After the piers and pillars were built the Carnegie’s Keystone company went to work on the superstructure. Not surprisingly, Keystone bought virtually all of the structural iron for the project from Carnegie’s Freedom Iron and Steel Company. Not satisfied with double-dipping, Carnegie found a third way to make money from the nation’s most high-profile construction project.
The Eads Bridge project needed some $6,000,000 in financing before it could get started. American companies still had to depend on loans and investments from Europe in that era, so the bridge company needed someone who could cross the Atlantic to borrow the money. Carnegie persuaded the executives of the Illinois and St. Lewis to hire him to sell the bonds that financed the project.
Peabody and Company, the investment bank that employed both Junius and JP Morgan, made most of its revenue matching up promising investment opportunities in the US with wealthy investors in England and the Continent. JP Morgan worked in the New York office, while his father Junius worked in London. Carnegie traveled to London to negotiate the sale of the bonds, earning himself a $50,000 commission.
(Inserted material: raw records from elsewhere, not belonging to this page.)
(* Let $n=2t$ be even, $V=V_n(q)$, and let $X$ be the set of all unordered pairs $\{U,W\}$ of $t$-dimensional subspaces of $V$ with $V=U\oplus W$. Fix a basis $e_1,\dots,e_n$ of $V$, put $U_0=\langle e_1,\dots,e_t\rangle$, $W_0=\langle e_{t+1},\dots,e_n\rangle$, and let $p$ be the linear map swapping $e_t$ and $e_{t+1}$ and fixing the other basis vectors. Let $\mathcal{O}_1$ be the graph on $X$ whose edge set is the orbit under $\mathrm{P\Gamma L}_n(q)$ of the edge $\{\{U_0,W_0\},\{U_0p,W_0p\}\}$, and let $d$ denote distance in $\mathcal{O}_1$. For $A=\{U_1,W_1\}$ and $B=\{U_2,W_2\}$ in $X$ define $\dim(A,B)=\max\{\dim(U_1\cap W_2),\dim(U_1\cap U_2),\dim(U_2\cap W_1),\dim(W_1\cap W_2)\}$. Then $d(A,B)\ge t-\dim(A,B)$ for all $A,B\in X$. *)

(* vector spaces V_n(q) = 'rV[F]_n over a finite field F (q = #|F|). *)
From HB Require Import structures.
From mathcomp Require Import all_boot all_order all_algebra all_field.
Set Implicit Arguments. Unset Strict Implicit. Unset Printing Implicit Defensive.
Import GRing.Theory.
Local Open Scope ring_scope.

Notation Vsp F t := 'rV[F]_(t + t).

Section Defs.
Variable F : finFieldType.
Variable t : nat.

(* A vertex is an (ordered representative of an) unordered pair {U,W}. *)
Definition vertex := ({vspace Vsp F t} * {vspace Vsp F t})%type.

Definition ueq (T : Type) (a b : T * T) : Prop :=
  (a.1 = b.1 /\ a.2 = b.2) \/ (a.1 = b.2 /\ a.2 = b.1).

Definition inX (A : vertex) : Prop :=
  \dim A.1 = t /\ \dim A.2 = t /\ directv (A.1 + A.2)%VS /\ (A.1 + A.2)%VS = fullv.

Definition e (i : 'I_(t + t)) : Vsp F t := delta_mx 0 i.

(* swap of the (0-indexed) coordinates t-1 and t, i.e. e_t <-> e_{t+1} (1-indexed) *)
Definition swapn (k : nat) : nat :=
  if k == t.-1 then t else if k == t then t.-1 else k.

Definition pmx : 'M[F]_(t + t) := \matrix_(i, j) (swapn i == j)%:R.

Definition p (v : Vsp F t) : Vsp F t := v *m pmx.

Definition U0 : {vspace Vsp F t} := (\sum_(i < t + t | (i < t)%N) <[e i]>)%VS.
Definition W0 : {vspace Vsp F t} := (\sum_(i < t + t | (t <= i)%N) <[e i]>)%VS.
Definition U0p : {vspace Vsp F t} := (\sum_(i < t + t | (i < t)%N) <[p (e i)]>)%VS.
Definition W0p : {vspace Vsp F t} := (\sum_(i < t + t | (t <= i)%N) <[p (e i)]>)%VS.

(* semilinear bijections of V (elements of GammaL_n(q); PGammaL acts on subspaces through them) *)
Definition semilinear (f : Vsp F t -> Vsp F t) : Prop :=
  bijective f /\
  exists sigma : {rmorphism F -> F}, bijective sigma /\
    (forall u v, f (u + v) = f u + f v) /\
    (forall (a : F) v, f (a *: v) = sigma a *: f v).

Definition is_image (f : Vsp F t -> Vsp F t) (U U' : {vspace Vsp F t}) : Prop :=
  forall w, w \in U' <-> exists2 v, v \in U & w = f v.

Definition adjO1 (A B : vertex) : Prop :=
  exists f, semilinear f /\
  exists Ug Wg Upg Wpg : {vspace Vsp F t},
    is_image f U0 Ug /\ is_image f W0 Wg /\ is_image f U0p Upg /\ is_image f W0p Wpg /\
    ((ueq A (Ug, Wg) /\ ueq B (Upg, Wpg)) \/ (ueq A (Upg, Wpg) /\ ueq B (Ug, Wg))).

Inductive walk : vertex -> vertex -> nat -> Prop :=
| walk0 A B : ueq A B -> walk A B 0
| walkS A C B m : adjO1 A C -> walk C B m -> walk A B m.+1.

Definition dimAB (A B : vertex) : nat :=
  maxn (maxn (\dim (A.1 :&: B.2)%VS) (\dim (A.1 :&: B.1)%VS))
       (maxn (\dim (B.1 :&: A.2)%VS) (\dim (A.2 :&: B.2)%VS)).

End Defs.

From Pilot Require Import Defs.
From HB Require Import structures.
From mathcomp Require Import all_boot all_order all_algebra all_field.
From mathcomp Require Import zify.
Set Implicit Arguments. Unset Strict Implicit. Unset Printing Implicit Defensive.
Import GRing.Theory.

(* The swap p fixes every basis vector but two, so U0 p lies in U0 + <e_{t+1}>,
   W0 p in W0 + <e_t>, and conversely.  Semilinear maps preserve such
   containments, so along an edge {A, C} of O_1 each component of C lies in a
   component of A plus a line (with matching pairing).  Adding a line raises the
   dimension of an intersection by at most one, so dim(-, B) grows by at most one
   per step of a walk ending at B, while dim(B, B) = t. *)

Section LineExtension.
Variables (K : fieldType) (vT : vectType K).

Lemma dimv_cap_addv_line (X Y S : {vspace vT}) (v : vT) :
  (X <= Y + <[v]>)%VS -> (\dim (X :&: S) <= \dim (Y :&: S) + 1)%N.
Proof.
move=> sXYv; set Z := ((Y + <[v]>) :&: S)%VS.
have dXZ : (\dim (X :&: S) <= \dim Z)%N by apply/dimvS/capvS.
have dZY := dimv_sum_cap Z Y.
have dYv := dimv_sum_cap Y <[v]>.
have dZYs : (\dim (Z + Y) <= \dim (Y + <[v]>))%N.
  by apply: dimvS; rewrite subv_add capvSl addvSl.
have dZcapY : (\dim (Z :&: Y) <= \dim (Y :&: S))%N.
  by apply: dimvS; rewrite capvC capvS // capvSr.
have dv : (\dim <[v]> <= 1)%N by rewrite dim_vline; case: (v != 0%R).
lia.
Qed.

Lemma sumv_sub_addv_line (I : finType) (P : pred I) (f : I -> vT)
    (Y : {vspace vT}) (v : vT) :
  (forall i, P i -> f i != v -> f i \in Y) ->
  (\sum_(i | P i) <[f i]> <= Y + <[v]>)%VS.
Proof.
move=> fY; apply/subv_sumP => i Pi; rewrite -memvE.
have [-> | fiv] := eqVneq (f i) v; first by rewrite (subvP (addvSr _ _)) ?memv_line.
by rewrite (subvP (addvSl _ _)) ?fY.
Qed.

End LineExtension.

Section Swap.
Variables (F : finFieldType) (t : nat).
Local Open Scope ring_scope.

(* Indexed by nat rather than 'I_(t + t), so that erow t and erow t.-1 make sense
   even when t = 0 (erow k is then the zero row). *)
Definition erow (k : nat) : Vsp F t := \row_j ((k == j :> nat)%:R : F).

Lemma erow_neq_index k l : erow k != erow l -> k != l.
Proof. by apply: contra_neq => ->. Qed.

Lemma e_erow (i : 'I_(t + t)) : e F i = erow i.
Proof. by apply/rowP => j; rewrite !mxE eqxx /= eq_sym. Qed.

Lemma p_e_erow (i : 'I_(t + t)) : p (e F i) = erow (swapn t i).
Proof. by rewrite /p /e -rowE; apply/rowP => j; rewrite !mxE. Qed.

Lemma swapnP k :
  [\/ k = t.-1 /\ swapn t k = t,
      [/\ k <> t.-1, k = t & swapn t k = t.-1]
    | [/\ k <> t.-1, k <> t & swapn t k = k]].
Proof.
by rewrite /swapn; do 2?case: eqP => ?; [constructor 1 | constructor 2 | constructor 3].
Qed.

Lemma erow_in_U0 k : (k < t)%N -> erow k \in U0 F t.
Proof.
move=> ltkt; have ltk2t : (k < t + t)%N by lia.
by rewrite -[k]/(Ordinal ltk2t : nat) -e_erow memvE (sumv_sup (Ordinal ltk2t)).
Qed.

Lemma erow_in_W0 k : (t <= k < t + t)%N -> erow k \in W0 F t.
Proof.
case/andP=> letk ltk2t.
by rewrite -[k]/(Ordinal ltk2t : nat) -e_erow memvE (sumv_sup (Ordinal ltk2t)).
Qed.

Lemma U0p_sub_U0_line : (U0p F t <= U0 F t + <[erow t]>)%VS.
Proof.
apply: sumv_sub_addv_line => i lt_it; rewrite p_e_erow => /erow_neq_index/eqP ne.
by apply: erow_in_U0; case: (swapnP i) => [[]|[]|[]]; lia.
Qed.

Lemma W0p_sub_W0_line : (W0p F t <= W0 F t + <[erow t.-1]>)%VS.
Proof.
apply: sumv_sub_addv_line => i le_ti; rewrite p_e_erow => /erow_neq_index/eqP ne.
by apply: erow_in_W0; have := ltn_ord i; case: (swapnP i) => [[]|[]|[]]; lia.
Qed.

Lemma U0_sub_U0p_line : (U0 F t <= U0p F t + <[erow t.-1]>)%VS.
Proof.
apply: sumv_sub_addv_line => i lt_it; rewrite e_erow => /erow_neq_index/eqP ne.
have -> : erow i = erow (swapn t i) by congr erow; case: (swapnP i) => [[]|[]|[]]; lia.
by rewrite -p_e_erow memvE (sumv_sup i).
Qed.

Lemma W0_sub_W0p_line : (W0 F t <= W0p F t + <[erow t]>)%VS.
Proof.
apply: sumv_sub_addv_line => i le_ti; rewrite e_erow => /erow_neq_index/eqP ne.
have -> : erow i = erow (swapn t i) by congr erow; case: (swapnP i) => [[]|[]|[]]; lia.
by rewrite -p_e_erow memvE (sumv_sup i).
Qed.

Lemma is_image_addv_line (f : Vsp F t -> Vsp F t) (X Y X' Y' : {vspace Vsp F t}) v :
  Defs.semilinear f -> is_image f X X' -> is_image f Y Y' ->
  (X <= Y + <[v]>)%VS -> (X' <= Y' + <[f v]>)%VS.
Proof.
move=> [_ [sigma [_ [fD fZ]]]] imX imY sXYv; apply/subvP => _ /imX[x Xx ->].
have /memv_addP[y Yy [_ /vlineP[k ->] ->]] := subvP sXYv _ Xx.
rewrite fD fZ memv_add ?memvZ ?memv_line //.
by apply/imY; exists y.
Qed.

End Swap.

Section Distance.
Variables (F : finFieldType) (t : nat).

Definition line_neighbour (A C : vertex F t) := exists v1 v2 : Vsp F t,
  ((C.1 <= A.1 + <[v1]> /\ C.2 <= A.2 + <[v2]>) \/
   (C.1 <= A.2 + <[v1]> /\ C.2 <= A.1 + <[v2]>))%VS.

Lemma line_neighbour_ueq (P Q A C : vertex F t) a b :
  (Q.1 <= P.1 + <[a]>)%VS -> (Q.2 <= P.2 + <[b]>)%VS ->
  ueq A P -> ueq C Q -> line_neighbour A C.
Proof.
rewrite /line_neighbour => sQP1 sQP2 [] [-> ->] [] [-> ->].
- by exists a, b; left.
- by exists b, a; right.
- by exists a, b; right.
- by exists b, a; left.
Qed.

Lemma adjO1_line_neighbour (A C : vertex F t) : adjO1 A C -> line_neighbour A C.
Proof.
case=> f [slf [Ug [Wg [Upg [Wpg [imU [imW [imUp [imWp [[eqA eqC]|[eqA eqC]]]]]]]]]]].
- apply: (line_neighbour_ueq (P := (Ug, Wg)) (Q := (Upg, Wpg))) eqA eqC.
  + exact: is_image_addv_line slf imUp imU (U0p_sub_U0_line F t).
  + exact: is_image_addv_line slf imWp imW (W0p_sub_W0_line F t).
- apply: (line_neighbour_ueq (P := (Upg, Wpg)) (Q := (Ug, Wg))) eqA eqC.
  + exact: is_image_addv_line slf imU imUp (U0_sub_U0p_line F t).
  + exact: is_image_addv_line slf imW imWp (W0_sub_W0p_line F t).
Qed.

Lemma dimAB_line_neighbour (A C B : vertex F t) :
  line_neighbour A C -> (dimAB C B <= dimAB A B + 1)%N.
Proof.
rewrite /dimAB (capvC B.1 C.2) (capvC B.1 A.2).
by case=> v1 [v2 [] [s1 s2]];
  have := dimv_cap_addv_line B.1 s1; have := dimv_cap_addv_line B.2 s1;
  have := dimv_cap_addv_line B.1 s2; have := dimv_cap_addv_line B.2 s2;
  rewrite ?(capvC A.2 B.1); lia.
Qed.

End Distance.

Theorem lemma3p5 (F : finFieldType) (t : nat) (A B : vertex F t) :
  inX A -> inX B ->
  forall m : nat, walk A B m -> (t - dimAB A B <= m)%N.
Proof.
move=> _ XB m walkAB; elim: walkAB XB => {A B m} [A B eqAB | A C B m adjAC _ IH] XB.
- case: XB => dimB1 [dimB2 _]; rewrite /dimAB.
  by case: eqAB => -[-> _]; rewrite capvv; lia.
- have := dimAB_line_neighbour B (adjO1_line_neighbour adjAC).
  by have := IH XB; lia.
Qed.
The Eads bridge was supposed to be finished by 1871, but fell behind schedule, largely because of Eads’ tendency to haggle with his sub-contractors over every detail. He insisted that Keystone use steel, rather than iron, for various bolts and staves. He demanded unprecedented levels of component testing that forced Keystone to build special machinery to test bridge components before shipment.
Carnegie quite naturally insisted on additional compensation every time Eads required something that had not been in the original bid specifications.
Finally in 1874 the bridge was completed. The general contractor opened it with much fanfare, first leading an elephant across in front of a herd of reporters, and then running heavy trains over it to prove the bridge’s strength.
The mutually profitable collaborations between Carnegie and the House of Morgan would continue for seventeen years before coming to a sudden and acrimonious end in 1885.